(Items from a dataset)
+===+
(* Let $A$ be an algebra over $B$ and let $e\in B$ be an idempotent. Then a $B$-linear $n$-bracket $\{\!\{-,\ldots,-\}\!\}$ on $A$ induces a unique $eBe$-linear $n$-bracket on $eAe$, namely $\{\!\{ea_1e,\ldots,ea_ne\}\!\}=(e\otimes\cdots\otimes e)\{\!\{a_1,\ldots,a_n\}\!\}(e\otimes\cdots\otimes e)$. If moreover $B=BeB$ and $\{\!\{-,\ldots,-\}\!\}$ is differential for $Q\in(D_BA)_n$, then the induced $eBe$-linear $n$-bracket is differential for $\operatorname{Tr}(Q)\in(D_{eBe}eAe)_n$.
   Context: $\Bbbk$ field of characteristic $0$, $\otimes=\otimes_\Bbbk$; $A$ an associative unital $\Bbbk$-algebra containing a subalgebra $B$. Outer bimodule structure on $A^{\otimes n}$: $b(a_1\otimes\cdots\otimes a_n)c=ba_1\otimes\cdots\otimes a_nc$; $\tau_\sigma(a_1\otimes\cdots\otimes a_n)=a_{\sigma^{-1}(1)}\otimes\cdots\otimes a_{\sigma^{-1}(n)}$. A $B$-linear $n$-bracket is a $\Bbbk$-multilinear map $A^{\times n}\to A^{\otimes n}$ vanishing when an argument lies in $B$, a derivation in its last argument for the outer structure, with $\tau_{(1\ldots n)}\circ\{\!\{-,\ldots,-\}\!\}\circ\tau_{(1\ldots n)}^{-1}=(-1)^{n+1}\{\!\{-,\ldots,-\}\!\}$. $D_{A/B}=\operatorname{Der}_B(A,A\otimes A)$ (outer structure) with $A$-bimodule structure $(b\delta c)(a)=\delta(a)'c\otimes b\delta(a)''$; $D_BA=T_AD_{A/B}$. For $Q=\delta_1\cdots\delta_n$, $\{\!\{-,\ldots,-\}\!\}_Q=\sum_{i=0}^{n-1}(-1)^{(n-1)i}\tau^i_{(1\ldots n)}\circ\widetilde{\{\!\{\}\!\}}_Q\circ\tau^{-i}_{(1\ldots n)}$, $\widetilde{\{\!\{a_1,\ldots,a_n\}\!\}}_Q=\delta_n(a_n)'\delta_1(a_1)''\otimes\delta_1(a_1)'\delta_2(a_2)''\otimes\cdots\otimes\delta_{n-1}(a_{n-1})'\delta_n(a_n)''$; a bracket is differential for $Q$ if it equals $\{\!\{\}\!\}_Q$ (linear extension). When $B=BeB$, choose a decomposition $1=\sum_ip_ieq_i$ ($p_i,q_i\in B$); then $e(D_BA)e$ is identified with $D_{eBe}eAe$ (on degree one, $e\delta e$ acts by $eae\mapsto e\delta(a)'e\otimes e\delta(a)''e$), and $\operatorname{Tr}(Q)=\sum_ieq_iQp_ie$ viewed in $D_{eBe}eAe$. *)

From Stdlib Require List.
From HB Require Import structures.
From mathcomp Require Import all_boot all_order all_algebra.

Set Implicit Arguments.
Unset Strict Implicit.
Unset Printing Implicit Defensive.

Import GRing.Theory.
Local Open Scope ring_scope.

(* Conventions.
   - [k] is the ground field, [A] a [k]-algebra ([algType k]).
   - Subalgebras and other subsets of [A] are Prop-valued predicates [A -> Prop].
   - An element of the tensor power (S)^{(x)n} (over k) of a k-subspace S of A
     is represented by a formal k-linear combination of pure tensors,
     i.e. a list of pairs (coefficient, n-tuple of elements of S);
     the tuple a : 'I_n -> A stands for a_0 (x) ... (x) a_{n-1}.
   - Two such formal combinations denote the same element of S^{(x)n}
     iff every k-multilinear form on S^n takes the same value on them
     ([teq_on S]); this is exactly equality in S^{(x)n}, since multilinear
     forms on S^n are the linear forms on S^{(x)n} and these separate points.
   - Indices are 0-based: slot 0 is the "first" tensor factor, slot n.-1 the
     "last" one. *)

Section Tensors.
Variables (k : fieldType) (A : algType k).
+===+
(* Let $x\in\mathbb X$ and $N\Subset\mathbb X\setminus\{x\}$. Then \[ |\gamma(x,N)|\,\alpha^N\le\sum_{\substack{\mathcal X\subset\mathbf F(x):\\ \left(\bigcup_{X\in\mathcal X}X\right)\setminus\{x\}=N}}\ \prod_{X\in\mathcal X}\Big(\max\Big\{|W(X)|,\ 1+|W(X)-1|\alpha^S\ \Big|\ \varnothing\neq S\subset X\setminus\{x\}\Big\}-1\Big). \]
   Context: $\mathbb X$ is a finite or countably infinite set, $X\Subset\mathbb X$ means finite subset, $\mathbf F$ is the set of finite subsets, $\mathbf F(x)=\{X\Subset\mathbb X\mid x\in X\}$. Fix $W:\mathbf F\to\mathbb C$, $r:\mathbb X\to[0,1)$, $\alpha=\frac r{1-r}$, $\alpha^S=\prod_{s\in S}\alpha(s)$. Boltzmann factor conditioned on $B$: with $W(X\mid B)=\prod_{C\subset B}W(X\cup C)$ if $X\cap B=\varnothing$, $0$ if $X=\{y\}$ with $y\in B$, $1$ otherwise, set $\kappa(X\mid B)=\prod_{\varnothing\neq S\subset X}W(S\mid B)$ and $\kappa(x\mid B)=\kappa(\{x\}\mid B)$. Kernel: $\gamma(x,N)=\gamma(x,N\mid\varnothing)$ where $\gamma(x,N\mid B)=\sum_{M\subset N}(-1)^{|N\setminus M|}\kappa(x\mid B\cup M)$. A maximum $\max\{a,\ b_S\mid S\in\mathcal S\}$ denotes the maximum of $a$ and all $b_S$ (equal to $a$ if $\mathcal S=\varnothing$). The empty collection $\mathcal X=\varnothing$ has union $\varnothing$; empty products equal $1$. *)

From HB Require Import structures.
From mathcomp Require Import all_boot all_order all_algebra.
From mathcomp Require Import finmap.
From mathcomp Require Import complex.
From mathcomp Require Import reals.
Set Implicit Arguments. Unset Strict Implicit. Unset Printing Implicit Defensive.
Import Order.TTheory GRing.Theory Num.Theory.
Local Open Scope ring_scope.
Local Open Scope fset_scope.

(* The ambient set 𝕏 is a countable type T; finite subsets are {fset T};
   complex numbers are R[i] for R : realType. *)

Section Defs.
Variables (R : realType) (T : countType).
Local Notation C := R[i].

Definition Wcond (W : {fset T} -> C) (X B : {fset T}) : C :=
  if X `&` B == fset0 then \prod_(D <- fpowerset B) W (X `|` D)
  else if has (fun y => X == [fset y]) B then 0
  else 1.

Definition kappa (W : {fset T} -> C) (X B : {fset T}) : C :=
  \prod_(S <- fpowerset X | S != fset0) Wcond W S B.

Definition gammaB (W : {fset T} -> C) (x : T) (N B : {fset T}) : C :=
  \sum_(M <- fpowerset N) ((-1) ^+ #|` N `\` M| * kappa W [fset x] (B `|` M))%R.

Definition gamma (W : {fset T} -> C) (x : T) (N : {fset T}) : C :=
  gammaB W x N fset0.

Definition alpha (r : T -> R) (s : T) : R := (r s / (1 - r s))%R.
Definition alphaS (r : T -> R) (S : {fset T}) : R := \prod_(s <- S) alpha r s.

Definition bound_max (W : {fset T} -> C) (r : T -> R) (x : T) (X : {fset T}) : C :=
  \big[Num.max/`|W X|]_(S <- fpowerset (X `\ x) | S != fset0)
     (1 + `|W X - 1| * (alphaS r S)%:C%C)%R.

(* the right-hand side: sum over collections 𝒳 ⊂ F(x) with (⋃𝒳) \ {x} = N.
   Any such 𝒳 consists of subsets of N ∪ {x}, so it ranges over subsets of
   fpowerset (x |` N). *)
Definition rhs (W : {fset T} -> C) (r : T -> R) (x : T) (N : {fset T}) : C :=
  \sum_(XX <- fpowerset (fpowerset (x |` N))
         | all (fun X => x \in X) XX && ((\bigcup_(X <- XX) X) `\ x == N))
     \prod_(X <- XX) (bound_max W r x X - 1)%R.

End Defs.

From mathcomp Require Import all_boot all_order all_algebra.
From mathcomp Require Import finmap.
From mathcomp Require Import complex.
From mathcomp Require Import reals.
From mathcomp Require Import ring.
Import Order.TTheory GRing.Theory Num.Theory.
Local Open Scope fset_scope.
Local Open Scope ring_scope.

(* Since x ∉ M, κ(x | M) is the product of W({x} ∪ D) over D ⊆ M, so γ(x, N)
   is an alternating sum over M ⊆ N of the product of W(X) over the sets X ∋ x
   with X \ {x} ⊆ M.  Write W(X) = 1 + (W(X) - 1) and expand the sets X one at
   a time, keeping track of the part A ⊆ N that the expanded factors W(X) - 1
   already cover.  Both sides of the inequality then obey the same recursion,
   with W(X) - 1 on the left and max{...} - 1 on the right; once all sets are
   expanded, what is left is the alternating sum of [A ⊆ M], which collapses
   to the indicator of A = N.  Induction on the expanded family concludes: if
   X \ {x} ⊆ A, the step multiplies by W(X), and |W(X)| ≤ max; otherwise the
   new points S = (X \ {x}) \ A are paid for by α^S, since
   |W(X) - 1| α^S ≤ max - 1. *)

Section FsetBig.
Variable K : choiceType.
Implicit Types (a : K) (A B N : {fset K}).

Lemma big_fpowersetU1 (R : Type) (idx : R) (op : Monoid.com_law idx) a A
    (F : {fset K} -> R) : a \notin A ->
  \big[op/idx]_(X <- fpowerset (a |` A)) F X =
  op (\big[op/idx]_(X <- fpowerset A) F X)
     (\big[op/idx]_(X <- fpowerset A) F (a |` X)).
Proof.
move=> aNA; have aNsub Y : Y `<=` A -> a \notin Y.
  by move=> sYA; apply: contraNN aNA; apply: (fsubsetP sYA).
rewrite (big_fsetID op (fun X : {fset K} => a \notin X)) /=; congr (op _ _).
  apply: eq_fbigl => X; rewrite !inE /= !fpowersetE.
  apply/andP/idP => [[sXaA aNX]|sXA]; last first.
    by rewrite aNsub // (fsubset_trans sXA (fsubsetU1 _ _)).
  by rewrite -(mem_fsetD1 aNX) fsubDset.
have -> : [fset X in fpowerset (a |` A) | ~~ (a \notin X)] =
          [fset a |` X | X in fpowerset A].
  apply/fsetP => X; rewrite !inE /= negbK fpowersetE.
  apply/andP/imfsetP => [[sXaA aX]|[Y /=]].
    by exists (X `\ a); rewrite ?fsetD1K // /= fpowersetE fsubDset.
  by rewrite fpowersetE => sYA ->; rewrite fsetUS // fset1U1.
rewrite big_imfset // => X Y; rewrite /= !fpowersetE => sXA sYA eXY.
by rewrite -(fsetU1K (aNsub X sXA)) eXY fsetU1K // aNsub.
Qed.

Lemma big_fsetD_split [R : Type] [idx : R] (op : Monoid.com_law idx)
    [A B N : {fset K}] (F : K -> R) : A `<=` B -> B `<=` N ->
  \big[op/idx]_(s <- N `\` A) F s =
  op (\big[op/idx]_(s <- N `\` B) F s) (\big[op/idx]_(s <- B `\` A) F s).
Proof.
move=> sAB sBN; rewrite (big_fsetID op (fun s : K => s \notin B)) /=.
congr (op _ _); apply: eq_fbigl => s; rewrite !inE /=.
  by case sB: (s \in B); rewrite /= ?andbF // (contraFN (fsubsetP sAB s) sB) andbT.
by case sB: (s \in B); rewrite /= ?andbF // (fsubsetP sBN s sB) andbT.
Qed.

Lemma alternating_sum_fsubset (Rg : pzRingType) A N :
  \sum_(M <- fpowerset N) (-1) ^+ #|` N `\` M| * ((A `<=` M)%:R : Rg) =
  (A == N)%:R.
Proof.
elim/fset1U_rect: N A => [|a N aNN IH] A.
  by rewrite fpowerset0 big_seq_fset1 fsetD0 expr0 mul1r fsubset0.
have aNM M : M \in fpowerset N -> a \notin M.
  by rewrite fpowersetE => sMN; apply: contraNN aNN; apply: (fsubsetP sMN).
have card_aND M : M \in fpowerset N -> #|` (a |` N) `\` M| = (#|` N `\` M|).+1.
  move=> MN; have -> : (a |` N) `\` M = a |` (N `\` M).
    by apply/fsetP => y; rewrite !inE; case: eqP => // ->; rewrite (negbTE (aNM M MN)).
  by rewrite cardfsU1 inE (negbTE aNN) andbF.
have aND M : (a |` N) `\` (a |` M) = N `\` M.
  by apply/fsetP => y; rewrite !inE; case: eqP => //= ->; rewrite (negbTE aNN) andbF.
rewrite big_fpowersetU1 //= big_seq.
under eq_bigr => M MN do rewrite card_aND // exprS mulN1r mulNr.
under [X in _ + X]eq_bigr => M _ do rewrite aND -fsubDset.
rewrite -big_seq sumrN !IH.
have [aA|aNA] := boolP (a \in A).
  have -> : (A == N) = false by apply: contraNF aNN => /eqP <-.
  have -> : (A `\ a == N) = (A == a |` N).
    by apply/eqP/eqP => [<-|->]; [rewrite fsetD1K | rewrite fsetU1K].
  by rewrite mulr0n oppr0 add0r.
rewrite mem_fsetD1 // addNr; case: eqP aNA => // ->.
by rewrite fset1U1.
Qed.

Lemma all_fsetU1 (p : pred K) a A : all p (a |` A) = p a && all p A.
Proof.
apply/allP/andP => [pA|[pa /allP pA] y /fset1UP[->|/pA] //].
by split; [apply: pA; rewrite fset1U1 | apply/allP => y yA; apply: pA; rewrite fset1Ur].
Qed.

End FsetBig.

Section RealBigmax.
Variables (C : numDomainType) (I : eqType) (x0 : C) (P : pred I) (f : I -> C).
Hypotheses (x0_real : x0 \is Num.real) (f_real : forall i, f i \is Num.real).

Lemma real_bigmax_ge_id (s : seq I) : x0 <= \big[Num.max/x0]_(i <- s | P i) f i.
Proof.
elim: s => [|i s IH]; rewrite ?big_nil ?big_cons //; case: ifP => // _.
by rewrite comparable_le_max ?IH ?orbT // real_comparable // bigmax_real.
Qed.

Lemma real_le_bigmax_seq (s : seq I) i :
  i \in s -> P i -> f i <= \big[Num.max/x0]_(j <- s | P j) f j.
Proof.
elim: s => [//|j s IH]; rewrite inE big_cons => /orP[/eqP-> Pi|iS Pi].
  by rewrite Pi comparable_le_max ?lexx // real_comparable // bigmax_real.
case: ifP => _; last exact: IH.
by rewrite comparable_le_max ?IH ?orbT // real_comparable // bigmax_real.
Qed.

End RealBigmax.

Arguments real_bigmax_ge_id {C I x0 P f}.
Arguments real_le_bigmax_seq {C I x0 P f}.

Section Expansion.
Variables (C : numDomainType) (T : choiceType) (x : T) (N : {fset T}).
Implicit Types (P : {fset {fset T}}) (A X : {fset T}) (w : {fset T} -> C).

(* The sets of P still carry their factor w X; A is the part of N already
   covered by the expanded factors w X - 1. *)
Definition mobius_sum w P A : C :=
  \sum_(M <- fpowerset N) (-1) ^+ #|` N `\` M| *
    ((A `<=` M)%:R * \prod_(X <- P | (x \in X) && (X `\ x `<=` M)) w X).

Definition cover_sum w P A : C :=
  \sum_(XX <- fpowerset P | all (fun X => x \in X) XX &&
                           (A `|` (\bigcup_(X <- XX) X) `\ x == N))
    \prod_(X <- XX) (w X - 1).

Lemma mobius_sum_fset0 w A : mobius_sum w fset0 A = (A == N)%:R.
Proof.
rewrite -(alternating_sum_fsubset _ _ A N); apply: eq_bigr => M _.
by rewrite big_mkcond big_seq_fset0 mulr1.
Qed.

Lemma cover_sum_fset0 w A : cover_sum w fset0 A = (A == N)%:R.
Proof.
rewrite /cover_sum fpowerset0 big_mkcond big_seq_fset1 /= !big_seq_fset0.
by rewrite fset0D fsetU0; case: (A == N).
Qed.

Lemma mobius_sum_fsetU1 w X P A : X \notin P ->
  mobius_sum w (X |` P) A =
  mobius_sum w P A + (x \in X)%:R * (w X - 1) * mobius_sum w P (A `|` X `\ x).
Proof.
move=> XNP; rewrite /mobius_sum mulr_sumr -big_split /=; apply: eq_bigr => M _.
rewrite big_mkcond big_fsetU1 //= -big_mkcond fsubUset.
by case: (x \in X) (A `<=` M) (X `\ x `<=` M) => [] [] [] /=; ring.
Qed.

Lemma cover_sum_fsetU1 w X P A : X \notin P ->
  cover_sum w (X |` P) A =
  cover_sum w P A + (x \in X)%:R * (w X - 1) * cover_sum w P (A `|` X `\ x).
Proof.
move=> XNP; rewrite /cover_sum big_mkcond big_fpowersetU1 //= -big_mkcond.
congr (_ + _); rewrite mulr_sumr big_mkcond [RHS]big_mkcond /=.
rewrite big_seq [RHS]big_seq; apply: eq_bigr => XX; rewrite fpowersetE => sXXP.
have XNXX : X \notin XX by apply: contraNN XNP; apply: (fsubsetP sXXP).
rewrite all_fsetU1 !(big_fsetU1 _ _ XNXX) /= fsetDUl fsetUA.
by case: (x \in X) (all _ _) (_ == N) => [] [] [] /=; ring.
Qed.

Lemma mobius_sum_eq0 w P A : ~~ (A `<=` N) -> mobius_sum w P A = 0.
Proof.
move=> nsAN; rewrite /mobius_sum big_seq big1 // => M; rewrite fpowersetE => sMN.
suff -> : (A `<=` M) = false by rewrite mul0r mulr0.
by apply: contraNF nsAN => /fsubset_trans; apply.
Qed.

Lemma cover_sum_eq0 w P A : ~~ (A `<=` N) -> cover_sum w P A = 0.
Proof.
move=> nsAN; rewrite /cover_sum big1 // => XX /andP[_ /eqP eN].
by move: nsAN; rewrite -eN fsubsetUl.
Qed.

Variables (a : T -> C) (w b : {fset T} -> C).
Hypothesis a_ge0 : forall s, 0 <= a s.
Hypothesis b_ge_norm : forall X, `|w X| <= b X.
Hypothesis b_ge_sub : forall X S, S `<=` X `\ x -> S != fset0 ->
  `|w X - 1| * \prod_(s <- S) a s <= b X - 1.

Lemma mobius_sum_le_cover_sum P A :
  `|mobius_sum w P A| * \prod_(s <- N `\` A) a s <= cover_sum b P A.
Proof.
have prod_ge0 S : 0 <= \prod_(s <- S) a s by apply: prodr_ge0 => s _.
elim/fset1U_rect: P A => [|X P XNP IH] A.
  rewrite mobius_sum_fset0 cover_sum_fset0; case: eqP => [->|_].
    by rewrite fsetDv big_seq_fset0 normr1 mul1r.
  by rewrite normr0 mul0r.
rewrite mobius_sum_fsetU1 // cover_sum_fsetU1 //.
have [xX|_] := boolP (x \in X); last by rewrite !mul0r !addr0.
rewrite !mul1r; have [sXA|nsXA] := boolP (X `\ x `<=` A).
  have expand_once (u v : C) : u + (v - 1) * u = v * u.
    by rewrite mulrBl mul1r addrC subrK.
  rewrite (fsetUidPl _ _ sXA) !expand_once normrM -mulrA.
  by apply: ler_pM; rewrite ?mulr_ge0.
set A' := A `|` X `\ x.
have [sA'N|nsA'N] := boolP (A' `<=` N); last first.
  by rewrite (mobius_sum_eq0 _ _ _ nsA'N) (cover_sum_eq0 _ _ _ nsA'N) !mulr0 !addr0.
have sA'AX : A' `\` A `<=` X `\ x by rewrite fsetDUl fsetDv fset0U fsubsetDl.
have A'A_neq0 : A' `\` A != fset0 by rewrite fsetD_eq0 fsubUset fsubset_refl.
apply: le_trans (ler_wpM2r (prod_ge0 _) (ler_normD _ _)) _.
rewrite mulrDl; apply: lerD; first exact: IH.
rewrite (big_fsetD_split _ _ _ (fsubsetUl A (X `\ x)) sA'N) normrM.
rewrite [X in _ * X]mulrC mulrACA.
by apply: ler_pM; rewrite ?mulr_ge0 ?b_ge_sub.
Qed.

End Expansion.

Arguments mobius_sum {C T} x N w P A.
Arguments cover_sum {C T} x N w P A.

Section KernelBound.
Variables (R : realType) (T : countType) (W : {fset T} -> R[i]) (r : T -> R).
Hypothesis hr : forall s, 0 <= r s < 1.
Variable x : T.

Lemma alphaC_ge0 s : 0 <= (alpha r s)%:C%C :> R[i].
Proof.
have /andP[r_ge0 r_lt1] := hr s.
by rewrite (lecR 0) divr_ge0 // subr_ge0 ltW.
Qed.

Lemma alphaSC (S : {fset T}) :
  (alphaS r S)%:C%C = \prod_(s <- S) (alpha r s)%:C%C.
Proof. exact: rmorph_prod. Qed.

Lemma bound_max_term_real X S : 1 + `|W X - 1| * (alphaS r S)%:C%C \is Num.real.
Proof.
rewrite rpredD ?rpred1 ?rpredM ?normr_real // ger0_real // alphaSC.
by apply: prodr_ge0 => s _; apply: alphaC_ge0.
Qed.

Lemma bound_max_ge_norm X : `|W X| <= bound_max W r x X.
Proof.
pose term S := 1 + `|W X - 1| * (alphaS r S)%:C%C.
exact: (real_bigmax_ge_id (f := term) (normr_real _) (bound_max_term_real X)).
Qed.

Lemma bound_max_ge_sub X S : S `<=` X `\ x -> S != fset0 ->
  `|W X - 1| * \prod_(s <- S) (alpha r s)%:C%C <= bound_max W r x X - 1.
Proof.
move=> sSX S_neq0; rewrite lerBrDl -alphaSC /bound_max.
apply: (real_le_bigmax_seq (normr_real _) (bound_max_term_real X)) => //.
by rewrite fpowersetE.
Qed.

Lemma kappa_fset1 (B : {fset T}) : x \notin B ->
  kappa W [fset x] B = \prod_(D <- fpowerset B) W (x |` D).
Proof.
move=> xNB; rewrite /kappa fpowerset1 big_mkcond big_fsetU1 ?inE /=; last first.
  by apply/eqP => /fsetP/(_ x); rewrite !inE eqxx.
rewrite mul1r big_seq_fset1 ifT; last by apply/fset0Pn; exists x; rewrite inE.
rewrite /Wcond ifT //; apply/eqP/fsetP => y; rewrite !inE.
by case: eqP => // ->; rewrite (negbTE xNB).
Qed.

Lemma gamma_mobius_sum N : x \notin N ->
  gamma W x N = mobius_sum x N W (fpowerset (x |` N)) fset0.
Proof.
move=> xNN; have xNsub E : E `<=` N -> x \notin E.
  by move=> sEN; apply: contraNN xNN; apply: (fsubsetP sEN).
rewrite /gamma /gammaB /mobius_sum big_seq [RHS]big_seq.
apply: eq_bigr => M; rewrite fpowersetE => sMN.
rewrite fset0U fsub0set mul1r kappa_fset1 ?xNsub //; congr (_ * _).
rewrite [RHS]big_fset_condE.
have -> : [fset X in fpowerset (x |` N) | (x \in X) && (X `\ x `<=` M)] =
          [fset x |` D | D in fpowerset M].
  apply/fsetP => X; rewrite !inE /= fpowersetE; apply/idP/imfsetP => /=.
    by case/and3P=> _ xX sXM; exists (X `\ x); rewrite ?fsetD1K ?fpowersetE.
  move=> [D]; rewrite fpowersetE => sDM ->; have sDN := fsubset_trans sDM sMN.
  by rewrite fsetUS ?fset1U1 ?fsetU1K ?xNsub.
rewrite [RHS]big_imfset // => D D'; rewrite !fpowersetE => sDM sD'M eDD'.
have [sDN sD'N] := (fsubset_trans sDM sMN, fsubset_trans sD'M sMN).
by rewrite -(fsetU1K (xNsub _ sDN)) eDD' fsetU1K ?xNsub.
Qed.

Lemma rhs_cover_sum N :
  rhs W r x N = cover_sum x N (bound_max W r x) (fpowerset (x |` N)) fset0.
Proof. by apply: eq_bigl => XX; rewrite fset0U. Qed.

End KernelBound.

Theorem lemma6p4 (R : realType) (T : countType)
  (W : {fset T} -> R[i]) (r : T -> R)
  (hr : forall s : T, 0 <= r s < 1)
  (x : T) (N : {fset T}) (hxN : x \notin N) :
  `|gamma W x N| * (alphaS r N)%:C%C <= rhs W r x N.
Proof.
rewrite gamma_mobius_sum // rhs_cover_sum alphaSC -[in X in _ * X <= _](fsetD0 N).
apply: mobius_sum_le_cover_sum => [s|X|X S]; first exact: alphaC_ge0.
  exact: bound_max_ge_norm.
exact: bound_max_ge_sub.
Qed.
+===+
__Exercise aim__
Using the data above, transcribe the lines that run from the line with "(* The ambient" to the line with "Definition kappa (W", both ends kept, and output nothing else.

__Answer area__
(* The ambient set 𝕏 is a countable type T; finite subsets are {fset T};
   complex numbers are R[i] for R : realType. *)

Section Defs.
Variables (R : realType) (T : countType).
Local Notation C := R[i].

Definition Wcond (W : {fset T} -> C) (X B : {fset T}) : C :=
  if X `&` B == fset0 then \prod_(D <- fpowerset B) W (X `|` D)
  else if has (fun y => X == [fset y]) B then 0
  else 1.

Definition kappa (W : {fset T} -> C) (X B : {fset T}) : C :=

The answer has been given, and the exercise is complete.